■ What to do: From the entries below, output the line with "x => A x /\ B x." and each following line up to and including the line with "x => A x \/ B x.", exactly as written.

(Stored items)
★ ★ ★ ★ ★ ★ ★
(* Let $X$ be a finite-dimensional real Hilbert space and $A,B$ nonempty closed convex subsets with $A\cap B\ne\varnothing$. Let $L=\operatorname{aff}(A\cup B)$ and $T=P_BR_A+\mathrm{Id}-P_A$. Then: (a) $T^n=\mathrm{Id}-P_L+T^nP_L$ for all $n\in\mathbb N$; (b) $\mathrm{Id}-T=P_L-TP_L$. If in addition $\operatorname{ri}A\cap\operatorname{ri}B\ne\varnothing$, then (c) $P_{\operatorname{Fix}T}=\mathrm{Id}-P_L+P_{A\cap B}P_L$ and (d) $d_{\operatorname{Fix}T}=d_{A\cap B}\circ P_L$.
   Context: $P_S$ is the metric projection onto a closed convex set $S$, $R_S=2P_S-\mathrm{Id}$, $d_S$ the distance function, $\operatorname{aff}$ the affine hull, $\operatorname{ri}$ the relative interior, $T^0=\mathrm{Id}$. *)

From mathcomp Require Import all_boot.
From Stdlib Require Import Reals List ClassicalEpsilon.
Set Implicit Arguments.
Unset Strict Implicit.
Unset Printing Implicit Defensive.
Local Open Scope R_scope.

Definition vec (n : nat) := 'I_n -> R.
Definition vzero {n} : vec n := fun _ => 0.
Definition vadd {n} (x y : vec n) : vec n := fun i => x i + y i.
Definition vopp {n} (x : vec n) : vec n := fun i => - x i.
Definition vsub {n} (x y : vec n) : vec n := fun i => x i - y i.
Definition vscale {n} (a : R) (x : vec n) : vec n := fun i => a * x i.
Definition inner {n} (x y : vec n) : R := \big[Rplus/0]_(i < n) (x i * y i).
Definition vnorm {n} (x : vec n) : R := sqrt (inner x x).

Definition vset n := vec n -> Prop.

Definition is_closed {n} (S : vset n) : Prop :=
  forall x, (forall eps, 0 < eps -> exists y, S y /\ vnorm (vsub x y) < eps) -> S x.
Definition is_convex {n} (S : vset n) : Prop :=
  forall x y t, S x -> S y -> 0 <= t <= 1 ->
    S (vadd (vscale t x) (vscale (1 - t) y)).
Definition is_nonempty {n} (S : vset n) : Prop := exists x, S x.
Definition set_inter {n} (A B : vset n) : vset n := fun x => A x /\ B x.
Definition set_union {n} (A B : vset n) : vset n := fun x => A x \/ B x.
★ ★ ★ ★ ★ ★ ★
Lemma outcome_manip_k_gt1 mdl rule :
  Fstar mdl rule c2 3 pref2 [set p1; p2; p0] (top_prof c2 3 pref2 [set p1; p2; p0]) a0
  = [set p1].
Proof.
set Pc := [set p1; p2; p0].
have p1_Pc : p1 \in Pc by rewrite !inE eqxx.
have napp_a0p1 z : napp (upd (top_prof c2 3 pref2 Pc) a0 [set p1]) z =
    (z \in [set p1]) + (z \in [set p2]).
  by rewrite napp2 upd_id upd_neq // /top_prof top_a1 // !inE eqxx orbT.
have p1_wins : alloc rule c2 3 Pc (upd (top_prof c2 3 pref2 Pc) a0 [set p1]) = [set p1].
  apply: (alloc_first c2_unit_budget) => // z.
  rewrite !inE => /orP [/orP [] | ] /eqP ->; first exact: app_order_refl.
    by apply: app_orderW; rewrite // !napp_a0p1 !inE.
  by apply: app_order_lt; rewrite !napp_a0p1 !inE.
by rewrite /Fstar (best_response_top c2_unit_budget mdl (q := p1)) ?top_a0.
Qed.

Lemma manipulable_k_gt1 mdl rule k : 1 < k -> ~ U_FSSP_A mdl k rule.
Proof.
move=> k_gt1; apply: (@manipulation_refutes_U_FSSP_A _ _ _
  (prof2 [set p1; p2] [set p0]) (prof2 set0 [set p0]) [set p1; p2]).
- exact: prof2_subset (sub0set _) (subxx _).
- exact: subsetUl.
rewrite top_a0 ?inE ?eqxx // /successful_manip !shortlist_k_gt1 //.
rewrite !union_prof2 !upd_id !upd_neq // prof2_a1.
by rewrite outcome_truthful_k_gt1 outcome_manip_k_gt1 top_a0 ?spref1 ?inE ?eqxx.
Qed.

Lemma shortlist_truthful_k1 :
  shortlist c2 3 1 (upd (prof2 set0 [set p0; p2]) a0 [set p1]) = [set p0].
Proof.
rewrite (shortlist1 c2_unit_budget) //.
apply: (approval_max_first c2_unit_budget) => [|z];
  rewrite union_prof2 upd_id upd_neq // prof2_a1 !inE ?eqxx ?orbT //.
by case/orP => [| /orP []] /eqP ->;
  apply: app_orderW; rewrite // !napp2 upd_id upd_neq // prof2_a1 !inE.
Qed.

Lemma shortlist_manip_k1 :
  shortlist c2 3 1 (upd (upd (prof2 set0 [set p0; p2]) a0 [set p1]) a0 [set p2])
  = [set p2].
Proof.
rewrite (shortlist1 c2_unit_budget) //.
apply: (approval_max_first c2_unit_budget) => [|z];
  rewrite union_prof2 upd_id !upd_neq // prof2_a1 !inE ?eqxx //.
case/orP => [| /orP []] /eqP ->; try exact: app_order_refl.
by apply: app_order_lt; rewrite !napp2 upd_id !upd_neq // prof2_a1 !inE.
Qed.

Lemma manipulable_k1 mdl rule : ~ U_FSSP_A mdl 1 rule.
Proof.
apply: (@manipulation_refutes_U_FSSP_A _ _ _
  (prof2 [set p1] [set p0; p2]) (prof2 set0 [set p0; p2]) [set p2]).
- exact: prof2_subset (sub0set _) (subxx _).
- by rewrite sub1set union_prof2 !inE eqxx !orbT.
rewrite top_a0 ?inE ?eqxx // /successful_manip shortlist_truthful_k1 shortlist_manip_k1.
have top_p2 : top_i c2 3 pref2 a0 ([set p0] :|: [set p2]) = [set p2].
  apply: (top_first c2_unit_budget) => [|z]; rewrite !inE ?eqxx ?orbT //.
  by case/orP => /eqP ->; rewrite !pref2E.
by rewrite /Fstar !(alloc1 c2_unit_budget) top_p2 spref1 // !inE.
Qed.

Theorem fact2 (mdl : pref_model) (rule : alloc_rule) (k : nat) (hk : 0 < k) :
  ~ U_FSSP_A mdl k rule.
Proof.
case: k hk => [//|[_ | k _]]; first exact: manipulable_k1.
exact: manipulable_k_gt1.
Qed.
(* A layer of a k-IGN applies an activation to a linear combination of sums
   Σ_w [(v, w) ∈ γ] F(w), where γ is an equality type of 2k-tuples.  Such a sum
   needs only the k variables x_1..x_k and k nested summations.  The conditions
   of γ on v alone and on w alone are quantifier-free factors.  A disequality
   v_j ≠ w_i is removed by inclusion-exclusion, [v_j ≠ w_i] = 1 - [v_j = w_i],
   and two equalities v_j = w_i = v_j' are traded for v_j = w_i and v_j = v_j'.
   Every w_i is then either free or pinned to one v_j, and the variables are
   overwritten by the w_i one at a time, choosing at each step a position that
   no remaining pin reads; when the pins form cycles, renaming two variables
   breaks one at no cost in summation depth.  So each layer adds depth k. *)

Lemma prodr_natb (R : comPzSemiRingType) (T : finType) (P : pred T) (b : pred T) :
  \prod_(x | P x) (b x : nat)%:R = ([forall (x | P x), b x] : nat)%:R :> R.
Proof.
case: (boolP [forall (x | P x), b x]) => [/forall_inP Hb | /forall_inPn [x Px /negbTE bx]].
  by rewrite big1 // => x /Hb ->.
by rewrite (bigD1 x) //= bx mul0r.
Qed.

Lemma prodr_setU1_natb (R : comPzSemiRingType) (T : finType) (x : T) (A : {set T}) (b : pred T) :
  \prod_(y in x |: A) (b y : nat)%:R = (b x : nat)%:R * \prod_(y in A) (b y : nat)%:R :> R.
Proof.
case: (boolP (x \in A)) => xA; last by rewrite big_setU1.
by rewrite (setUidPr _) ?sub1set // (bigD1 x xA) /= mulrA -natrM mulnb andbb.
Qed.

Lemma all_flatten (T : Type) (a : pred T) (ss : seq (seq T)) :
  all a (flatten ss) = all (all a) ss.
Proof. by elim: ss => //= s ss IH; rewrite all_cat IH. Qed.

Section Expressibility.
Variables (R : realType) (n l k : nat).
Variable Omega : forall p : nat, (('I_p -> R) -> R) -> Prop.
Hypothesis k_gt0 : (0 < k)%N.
★ ★ ★ ★ ★ ★ ★
■ Written answer:
Definition set_inter {n} (A B : vset n) : vset n := fun x => A x /\ B x.
Definition set_union {n} (A B : vset n) : vset n := fun x => A x \/ B x.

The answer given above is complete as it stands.